(* Let M be a Malcev algebra over a field F of characteristic different from 2
   that contains L = sl_2 = <E, H, F> and in which mL <> 0 for every m <> 0.
   For x, y, z in N_M = {m | J(m, a, b) = 0 for all a, b in L} we show that
   J(x, y, z) = 0.  By the nondegeneracy hypothesis it suffices to prove
   J(x, y, z) a = 0 for a in the basis E, H, G of L, where G = 2F is chosen so
   that the multiplication table EH = E, GH = -G, EG = H is integral.  For each
   such a, the element -8 J(x, y, z) a is an explicit integral combination of
   instances of the Malcev identity, of Jacobians J(n, b, c) with n in
   {x, y, z} and b, c in {E, H, G}, and of right multiples of these; these
   combinations (certificates) were found by computer. *)

From mathcomp Require Import all_boot all_order all_algebra.
Set Implicit Arguments. Unset Strict Implicit. Unset Printing Implicit Defensive.
Import GRing.Theory.
Local Open Scope ring_scope.

Section BilinearProduct.
Variables (F : fieldType) (M : lmodType F) (mul : M -> M -> M).
Hypothesis mulB : bilinear_prod mul.

Lemma mul0l z : mul 0 z = 0.
Proof.
have := mulB.1 1 0 0 z; rewrite !scale1r addr0 => double.
by apply: (addrI (mul 0 z)); rewrite addr0 -double.
Qed.

Lemma mul0r z : mul z 0 = 0.
Proof.
have := mulB.2 1 0 0 z; rewrite !scale1r addr0 => double.
by apply: (addrI (mul z 0)); rewrite addr0 -double.
Qed.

----------

AIM OF THE EXERCISE
Search the entries for the string "rewrite". Copy every line that has it.

SOLUTION
have := mulB.1 1 0 0 z; rewrite !scale1r addr0 => double.
by apply: (addrI (mul 0 z)); rewrite addr0 -double.
have := mulB.2 1 0 0 z; rewrite !scale1r addr0 => double.
by apply: (addrI (mul z 0)); rewrite addr0 -double.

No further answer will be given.